Um grupo de 96 passageiros que iria embarcar sexta-feira em uma viagem do Rio à Argentina na embarcação MSC Sinfonia, da empresa MSC Cruzeiros, ficou a ver navios. Cada um pagou cerca de R$ 5 mil à agência de viagens Porto Rio que, segundo os passageiros, é credenciada da MSC Cruzeiros. Mas, na hora do embarque, eles descobriram que os nomes sequer estavam na lista. Vinte pessoas registraram queixa de estelionato na 12ª DP (Copacabana), na área onde fica a sede da agência.

O navio MSC Sinfonia foi o mesmo em que, num cruzeiro pelo Nordeste, 464 passageiros passaram mal quinta-feira após ingerir comida estragada. A embarcação atracou ontem no Pier Mauá. A MSC também organizou o cruzeiro em que a universitária Isabela Negrato morreu asfixiada, em dezembro. Investiga-se se ela ingeriu álcool e drogas. Ontem, a gaúcha Clony Resende, de 74 anos, morreu a bordo do MSC Musica. A assessoria de imprensa da empresa disse que ela teve uma parada cardíaca.

A advogada Sandra Tamburini contou que os tíquetes para o Uruguai foram vendidos por Flávio Potieri Monteiro. Mas, ao procurar a agência, foi informada de que ele seria freelancer e que a empresa não se responsabilizaria pela venda. Sandra afirmou ainda que a Porto Rio vendeu os mesmos quatro bilhetes numerados para cem pessoas.

Em nota, a MSC Cruzeiros informou que teve falsificados os tíquetes de 25 cabines (de um total de 800), para um cruzeiro feito por uma agência do Rio. Na Porto Rio, ninguém foi encontrado para comentar o assunto.

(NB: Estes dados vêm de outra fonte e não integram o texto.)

Lemma args1E T (x : 'I_1 -> T) : x = x1 (x ord0).
Proof.
apply: functional_extensionality => -[[|] // ?].
by rewrite /x1; congr x; apply: val_inj.
Qed.

Lemma args2E T (x : 'I_2 -> T) : x = x2 (x ord0) (x ord_max).
Proof.
apply: functional_extensionality => -[[|[|]] // ?];
  by rewrite /x2 /=; congr x; apply: val_inj.
Qed.

Lemma args3E T (x : 'I_3 -> T) : x = x3 (x ord0) (x (inord 1)) (x ord_max).
Proof.
apply: functional_extensionality => -[[|[|[|]]] // ?]; rewrite /x3 /=.
all: by congr x; apply: val_inj; rewrite /= ?inordK.
Qed.

Lemma tailx3 T (a b c : T) : tailx (x3 a b c) = x2 b c.
Proof. by apply: functional_extensionality => -[[|[|]] //= ?]. Qed.
Lemma initx3 T (a b c : T) : initx (x3 a b c) = x2 a b.
Proof. by apply: functional_extensionality => -[[|[|]] //= ?]. Qed.
Lemma mergex3_0 U (a b c : Alg U) : mergex (x3 a b c) 0 = x2 (a * b) c.
Proof. by apply: functional_extensionality => -[[|[|]] //= ?]. Qed.
Lemma mergex3_1 U (a b c : Alg U) : mergex (x3 a b c) 1 = x2 a (b * c).
Proof. by apply: functional_extensionality => -[[|[|]] //= ?]. Qed.
Lemma tailx2 T (a b : T) : tailx (x2 a b) = x1 b.
Proof. by apply: functional_extensionality => -[[|] //= ?]. Qed.
Lemma initx2 T (a b : T) : initx (x2 a b) = x1 a.
Proof. by apply: functional_extensionality => -[[|] //= ?]. Qed.
Lemma mergex2_0 U (a b : Alg U) : mergex (x2 a b) 0 = x1 (a * b).
Proof. by apply: functional_extensionality => -[[|] //= ?]. Qed.
Lemma tailx1 U (a : Alg U) : tailx (x1 a) = x0 A.
Proof. exact: args0E. Qed.
Lemma initx1 U (a : Alg U) : initx (x1 a) = x0 A.
Proof. exact: args0E. Qed.

Lemma res_x2 V U (u : Mor C V U) (a b : Alg U) :
  (fun j => res A u (x2 a b j)) = x2 (res A u a) (res A u b).
Proof. by apply: functional_extensionality => -[[|] //= ?]. Qed.
Lemma res_x1 V U (u : Mor C V U) (a : Alg U) :
  (fun j => res A u (x1 a j)) = x1 (res A u a).
Proof. by apply: functional_extensionality => -[[|] //= ?]. Qed.
Lemma res_x0 V U (u : Mor C V U) : (fun j => res A u (x0 A j)) = x0 A.
Proof. exact: args0E. Qed.

Lemma scale_sign n U (y : Alg U) : (-1) ^+ n *: y = if odd n then - y else y.
Proof.
by rewrite -signr_odd; case: (odd n); rewrite ?expr1 ?expr0 ?scaleN1r ?scale1r.
Qed.

Ltac args_simpl :=
  rewrite ?tailx3 ?initx3 ?mergex3_0 ?mergex3_1 ?tailx2 ?initx2 ?mergex2_0
    ?tailx1 ?initx1 ?res_x2 ?res_x1 ?res_x0 ?scale_sign /=.

Lemma chain0_ind (P : forall U W, chain C 0 U W -> Prop) :
  (forall U, P U U (cnil U)) -> forall U W s, P U W s.
Proof.
move=> H U W s.
have: forall n U W (s : chain C n U W),
  (match n as n' return chain C n' U W -> Prop with
   | 0 => fun s => P U W s | _ => fun _ => True end) s.
  by move=> n U' W' []; [|move=> *].
by move/(_ 0 U W s).
Qed.

Lemma chain1_ind (P : forall U W, chain C 1 U W -> Prop) :
  (forall V U (u : Mor C V U), P V U (s1 u)) -> forall U W s, P U W s.
Proof.
move=> H U W s.
have: forall n U W (s : chain C n U W),
  (match n as n' return chain C n' U W -> Prop with
   | 1 => fun s => P U W s | _ => fun _ => True end) s.
  move=> n U' W' [] // [] // X Y Z u s'.
  by move: u; elim/chain0_ind: s' => V u; apply: H.
by move/(_ 1%N U W s).
Qed.

Lemma chain2_ind (P : forall U W, chain C 2 U W -> Prop) :
  (forall W V U (u : Mor C V U) (v : Mor C W V), P W U (s2 u v)) ->
  forall U W s, P U W s.
Proof.
move=> H U W s.
have: forall n U W (s : chain C n U W),
  (match n as n' return chain C n' U W -> Prop with
   | 2 => fun s => P U W s | _ => fun _ => True end) s.
  move=> n U' W' [] // [] // [] // X Y Z v s'.
  by move: v; elim/chain1_ind: s' => V' U'' u v; apply: H.
by move/(_ 2%N U W s).
Qed.

Definition s3 X W V U (u : Mor C V U) (v : Mor C W V) (w : Mor C X W) :
  chain C 3 X U := ccons w (ccons v (ccons u (cnil U))).

Lemma chain3_ind (P : forall U W, chain C 3 U W -> Prop) :
  (forall X W V U (u : Mor C V U) (v : Mor C W V) (w : Mor C X W),
      P X U (s3 u v w)) ->
  forall U W s, P U W s.
Proof.
move=> H U W s.
have: forall n U W (s : chain C n U W),
  (match n as n' return chain C n' U W -> Prop with
   | 3 => fun s => P U W s | _ => fun _ => True end) s.
  move=> n U' W' [] // [] // [] // [] // X Y Z w s'.
  by move: w; elim/chain2_ind: s' => W1 V1 U1 u v w; apply: H.
by move/(_ 3%N U W s).
Qed.

Definition Mv (m : Cpq A 0 2) U (a b : Alg U) := m U U (s0 U) (x2 a b).
Definition Gv (g : Cpq A 0 1) U (a : Alg U) := g U U (s0 U) (x1 a).
Definition Fv (f : Cpq A 1 1) V U (u : Mor C V U) (a : Alg U) := f V U (s1 u) (x1 a).
Definition Tv (t : Cpq A 1 0) V U (u : Mor C V U) := t V U (s1 u) (x0 A).
Definition Cv (c : Cpq A 2 0) W V U (u : Mor C V U) (v : Mor C W V) :=
  c W U (s2 u v) (x0 A).

Lemma dH_02 (m : Cpq A 0 2) U (a b c : Alg U) :
  dH m (s0 U) (x3 a b c) =
  a * Mv m b c - Mv m (a * b) c + Mv m a (b * c) - Mv m a b * c.
Proof.
rewrite /dH !big_ord_recr big_ord0 /= res_id add0r; args_simpl.
by rewrite /x3 /= res_id /Mv; abel.
Qed.

Lemma dH_01 (g : Cpq A 0 1) U (a b : Alg U) :
  dH g (s0 U) (x2 a b) = a * Gv g b - Gv g (a * b) + Gv g a * b.
Proof.
rewrite /dH !big_ord_recr big_ord0 /= add0r; args_simpl.
by rewrite /x2 /= !res_id /Gv.
Qed.

Lemma dH_11 (f : Cpq A 1 1) V U (u : Mor C V U) (a b : Alg U) :
  dH f (s1 u) (x2 a b) =
  res A u a * Fv f u b - Fv f u (a * b) + Fv f u a * res A u b.
Proof.
rewrite /dH !big_ord_recr big_ord0 /= add0r; args_simpl.
by rewrite /x2 /= comp1m /Fv.
Qed.

Lemma dH_20 (c : Cpq A 2 0) W V U (u : Mor C V U) (v : Mor C W V) (a : Alg U) :
  dH c (s2 u v) (x1 a) =
  res A v (res A u a) * Cv c u v - Cv c u v * res A v (res A u a).
Proof.
rewrite /dH big_ord0 /= addr0; args_simpl.
by rewrite /x1 /= comp1m res_comp /Cv.
Qed.

Lemma dH_10 (t : Cpq A 1 0) V U (u : Mor C V U) (a : Alg U) :
  dH t (s1 u) (x1 a) = res A u a * Tv t u - Tv t u * res A u a.
Proof.
rewrite /dH big_ord0 /= addr0; args_simpl.
by rewrite /x1 /= comp1m /Tv.
Qed.
(* For all positive integers $d,m,r$ and every $\varepsilon>0$, $\mathbf{n}_{\mathrm{pol}}(d,m,r,\varepsilon)=\mathbf{n}_\infty(d,m,r,\varepsilon)$.
   Context: Spaces are real finite-dimensional normed spaces. A finite-dimensional normed space $F$ is polyhedral if its closed unit ball has finitely many extreme points; $\mathrm{Pol}_d$ is the class of polyhedral spaces $F$ whose dual unit ball $B_{F^*}$ has exactly $2d$ extreme points (e.g. $\ell_\infty^d\in\mathrm{Pol}_d$). $\mathrm{Emb}(X,Y)$ is the set of linear isometric embeddings with the operator-norm metric. An $r$-coloring is a map into $\{0,\dots,r-1\}$; a subset $F$ of the colored space $M$ is $\varepsilon$-monochromatic if for some color $i$ every element of $F$ is within distance $\varepsilon$ of an element of $M$ of color $i$. $\mathbf{n}_\infty(d,m,r,\varepsilon)$ is the least $n$ such that every $r$-coloring of $\mathrm{Emb}(\ell_\infty^d,\ell_\infty^n)$ has an $\varepsilon$-monochromatic set $\gamma\circ\mathrm{Emb}(\ell_\infty^d,\ell_\infty^m)$ for some $\gamma\in\mathrm{Emb}(\ell_\infty^m,\ell_\infty^n)$. $\mathbf{n}_{\mathrm{pol}}(d,m,r,\varepsilon)$ is the least $n\ge m$ such that for all $F\in\mathrm{Pol}_d$ and $G\in\mathrm{Pol}_m$, every $r$-coloring of $\mathrm{Emb}(F,\ell_\infty^n)$ has an $\varepsilon$-monochromatic set $T\circ\mathrm{Emb}(F,G)$ for some $T\in\mathrm{Emb}(G,\ell_\infty^n)$. *)

(* real finite-dimensional normed spaces are modelled as
   row-vector spaces 'rV[R]_k equipped with a norm function, R : realType. *)
From HB Require Import structures.
From mathcomp Require Import all_boot all_order all_algebra.
From mathcomp Require Import reals.
Set Implicit Arguments. Unset Strict Implicit. Unset Printing Implicit Defensive.
Import Order.TTheory GRing.Theory Num.Theory.
Local Open Scope ring_scope.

CALOTE DE AGÊNCIAS NA COMPRA DOS PACOTES TURÍSTICOS DOS BRASILEIROS

Fonte: Jornal Nacional 05/jan/2009

Muitos brasileiros aproveitam esta época de férias para viajar, mas, em alguns casos, a viagem planejada há meses pode acabar em muita frustração.

A funcionária pública Renata Albuquerque planejou a viagem com seis meses de antecedência. Pagou à vista à agência Mix Turismo, de Brasília: R$ 60 mil para passar o Natal e o réveillon na Disney, mas, para desespero das crianças, a viagem terminou no aeroporto de Miami. A agência não havia pago o hotel, o aluguel do carro e os passeios no parque.

“Foi muito difícil para a gente, até hoje elas ficam questionando e é difícil. Não dá para consolar”.

A veterinária Alice Campos desembarcou no domingo em Brasília depois de passar dificuldades em Arraial da Ajuda, na Bahia. O pacote da agência Impacto Turismo prometia hospedagem e ingressos para os shows nas festas de fim de ano.

Alice diz que foi enganada. Ela e outras 45 pessoas prestaram queixa à delegacia. “Não tinha guia, não tinha translado e eu descobri que minha passagem de volta era falsa”.

No Recife, 28 pessoas procuraram a Delegacia de Repressão ao Estelionato. A reclamação é contra a agência Contact Travel por receber o dinheiro dos clientes e não entregar as passagens.

Hoje, não há um controle federal sobre as agências. Só a partir de março, elas serão obrigadas a se cadastrar no Ministério do Turismo e poderão ser punidas com a perda do registro. Em caso de descumprimento dos contratos, o consumidor deve dar queixa à polícia e procurar o Procon.

O Procon tem o poder de fechar a agência de turismo que cometer as irregularidades e aplicar multas de até R$ 3 milhões, mas, para conseguir o dinheiro de volta, o consumidor terá de acionar a Justiça.

“E tem que ser rápido antes que essas empresas desfaçam-se de algum patrimônio existente”, alerta José Vieira, vice-presidente do Procon/DF.

No depoimento à policia, um dos sócios da Impacto Turismo disse que não participava das vendas de pacotes. O outro sócio já depôs e, segundo a polícia, vai responder por estelionato.

O caso da Contract Travel também está sendo investigado pela polícia no Recife. A agência Mix Turismo não se pronunciou sobre os problemas mostrados na reportagem.